What is the count of lines in the listing below that hold the string "adjacent"? Reply with that number alone.
↓
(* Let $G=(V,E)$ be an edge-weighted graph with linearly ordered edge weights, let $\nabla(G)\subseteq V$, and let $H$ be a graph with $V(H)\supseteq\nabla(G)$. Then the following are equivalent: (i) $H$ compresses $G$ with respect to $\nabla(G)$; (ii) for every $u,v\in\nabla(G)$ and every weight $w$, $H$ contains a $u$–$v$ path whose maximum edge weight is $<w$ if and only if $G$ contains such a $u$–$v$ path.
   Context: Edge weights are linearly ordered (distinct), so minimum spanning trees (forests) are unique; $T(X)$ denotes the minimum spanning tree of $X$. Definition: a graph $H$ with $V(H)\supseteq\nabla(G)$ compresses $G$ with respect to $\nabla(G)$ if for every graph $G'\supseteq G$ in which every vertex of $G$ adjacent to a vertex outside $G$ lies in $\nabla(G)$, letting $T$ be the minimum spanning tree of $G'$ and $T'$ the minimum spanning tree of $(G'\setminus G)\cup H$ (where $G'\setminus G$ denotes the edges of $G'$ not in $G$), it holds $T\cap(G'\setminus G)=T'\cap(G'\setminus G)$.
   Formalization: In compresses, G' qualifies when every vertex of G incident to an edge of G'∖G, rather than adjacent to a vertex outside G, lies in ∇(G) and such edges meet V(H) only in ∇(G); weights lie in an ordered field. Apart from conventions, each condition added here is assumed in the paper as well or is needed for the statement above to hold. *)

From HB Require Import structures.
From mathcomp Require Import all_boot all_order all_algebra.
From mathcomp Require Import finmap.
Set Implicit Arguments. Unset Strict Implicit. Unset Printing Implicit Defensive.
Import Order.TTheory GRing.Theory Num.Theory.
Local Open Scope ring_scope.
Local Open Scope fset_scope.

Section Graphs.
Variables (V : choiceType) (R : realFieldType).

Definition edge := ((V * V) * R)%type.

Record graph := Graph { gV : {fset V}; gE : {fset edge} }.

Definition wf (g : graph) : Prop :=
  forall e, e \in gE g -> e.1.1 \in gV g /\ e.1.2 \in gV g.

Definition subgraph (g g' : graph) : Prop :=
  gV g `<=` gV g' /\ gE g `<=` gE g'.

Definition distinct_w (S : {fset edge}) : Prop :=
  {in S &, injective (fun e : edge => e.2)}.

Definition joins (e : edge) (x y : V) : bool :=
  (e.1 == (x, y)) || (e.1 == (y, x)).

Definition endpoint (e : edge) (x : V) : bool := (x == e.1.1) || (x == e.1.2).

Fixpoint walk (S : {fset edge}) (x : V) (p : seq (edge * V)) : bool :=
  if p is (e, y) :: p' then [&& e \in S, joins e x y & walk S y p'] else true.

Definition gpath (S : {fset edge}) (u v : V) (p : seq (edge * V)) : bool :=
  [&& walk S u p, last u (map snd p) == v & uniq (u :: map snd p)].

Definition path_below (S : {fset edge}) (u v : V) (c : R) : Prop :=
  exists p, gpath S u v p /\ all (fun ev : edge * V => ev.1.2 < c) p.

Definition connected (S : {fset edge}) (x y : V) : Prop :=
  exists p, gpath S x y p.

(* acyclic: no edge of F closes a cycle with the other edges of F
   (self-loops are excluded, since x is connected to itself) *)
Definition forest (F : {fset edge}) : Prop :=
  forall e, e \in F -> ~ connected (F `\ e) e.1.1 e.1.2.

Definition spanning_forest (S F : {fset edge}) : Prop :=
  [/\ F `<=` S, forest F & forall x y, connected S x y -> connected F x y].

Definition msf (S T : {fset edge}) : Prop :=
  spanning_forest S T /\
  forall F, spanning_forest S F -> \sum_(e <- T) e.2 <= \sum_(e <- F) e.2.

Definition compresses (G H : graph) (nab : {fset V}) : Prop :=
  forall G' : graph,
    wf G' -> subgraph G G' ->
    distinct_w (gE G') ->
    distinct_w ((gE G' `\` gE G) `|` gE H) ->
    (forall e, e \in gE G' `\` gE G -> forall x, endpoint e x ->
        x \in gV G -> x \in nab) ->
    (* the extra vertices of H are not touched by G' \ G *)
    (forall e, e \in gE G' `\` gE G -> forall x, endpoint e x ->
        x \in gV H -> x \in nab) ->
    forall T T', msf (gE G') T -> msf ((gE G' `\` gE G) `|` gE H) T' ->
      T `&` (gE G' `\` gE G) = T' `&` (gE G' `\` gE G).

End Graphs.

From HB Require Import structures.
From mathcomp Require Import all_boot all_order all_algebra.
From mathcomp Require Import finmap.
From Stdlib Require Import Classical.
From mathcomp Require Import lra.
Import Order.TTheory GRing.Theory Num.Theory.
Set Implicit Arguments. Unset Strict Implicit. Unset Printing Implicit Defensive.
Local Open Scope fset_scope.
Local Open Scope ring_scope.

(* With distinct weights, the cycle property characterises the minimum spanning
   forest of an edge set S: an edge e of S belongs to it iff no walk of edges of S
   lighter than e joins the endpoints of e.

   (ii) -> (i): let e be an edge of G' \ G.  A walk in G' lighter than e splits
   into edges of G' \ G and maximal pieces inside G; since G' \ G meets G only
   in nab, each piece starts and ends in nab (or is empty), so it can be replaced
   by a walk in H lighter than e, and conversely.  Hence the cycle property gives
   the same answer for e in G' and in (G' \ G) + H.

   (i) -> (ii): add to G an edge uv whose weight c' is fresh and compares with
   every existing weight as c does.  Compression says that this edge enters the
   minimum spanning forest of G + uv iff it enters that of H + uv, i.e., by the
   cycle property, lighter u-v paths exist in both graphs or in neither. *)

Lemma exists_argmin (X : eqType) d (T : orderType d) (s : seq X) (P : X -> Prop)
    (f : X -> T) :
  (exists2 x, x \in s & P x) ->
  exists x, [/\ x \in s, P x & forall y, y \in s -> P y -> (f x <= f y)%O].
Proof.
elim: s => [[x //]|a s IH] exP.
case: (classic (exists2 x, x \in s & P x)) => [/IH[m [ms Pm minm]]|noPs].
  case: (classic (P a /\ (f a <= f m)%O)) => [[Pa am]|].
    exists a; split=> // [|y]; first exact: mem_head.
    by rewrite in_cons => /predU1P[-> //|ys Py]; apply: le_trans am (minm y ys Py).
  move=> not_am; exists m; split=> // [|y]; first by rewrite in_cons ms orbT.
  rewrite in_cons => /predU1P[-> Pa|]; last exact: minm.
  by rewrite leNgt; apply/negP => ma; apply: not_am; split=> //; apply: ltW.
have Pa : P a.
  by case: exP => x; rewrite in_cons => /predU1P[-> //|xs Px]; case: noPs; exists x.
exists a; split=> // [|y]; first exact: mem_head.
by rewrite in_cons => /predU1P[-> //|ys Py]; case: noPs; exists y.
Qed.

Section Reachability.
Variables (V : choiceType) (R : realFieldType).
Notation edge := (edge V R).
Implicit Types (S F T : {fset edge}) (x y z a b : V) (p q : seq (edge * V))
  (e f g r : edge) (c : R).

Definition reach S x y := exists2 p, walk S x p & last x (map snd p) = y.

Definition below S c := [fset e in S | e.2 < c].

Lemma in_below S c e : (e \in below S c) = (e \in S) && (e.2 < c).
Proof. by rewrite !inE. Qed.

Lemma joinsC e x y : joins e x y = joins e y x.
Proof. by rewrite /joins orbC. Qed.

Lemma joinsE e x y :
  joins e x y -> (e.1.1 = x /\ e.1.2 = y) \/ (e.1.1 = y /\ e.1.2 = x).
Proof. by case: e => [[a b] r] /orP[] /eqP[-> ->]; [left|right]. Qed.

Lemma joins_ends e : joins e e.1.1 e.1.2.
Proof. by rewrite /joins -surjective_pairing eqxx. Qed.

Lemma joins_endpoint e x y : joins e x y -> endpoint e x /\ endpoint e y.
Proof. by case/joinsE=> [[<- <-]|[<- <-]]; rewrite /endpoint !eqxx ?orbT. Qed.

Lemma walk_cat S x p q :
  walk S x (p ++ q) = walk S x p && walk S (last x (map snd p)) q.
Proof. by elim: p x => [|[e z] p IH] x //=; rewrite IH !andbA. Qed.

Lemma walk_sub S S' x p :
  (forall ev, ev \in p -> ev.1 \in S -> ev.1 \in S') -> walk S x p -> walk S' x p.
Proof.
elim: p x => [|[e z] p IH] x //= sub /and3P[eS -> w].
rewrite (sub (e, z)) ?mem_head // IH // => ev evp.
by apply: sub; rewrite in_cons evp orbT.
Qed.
↑
- Written answer:
2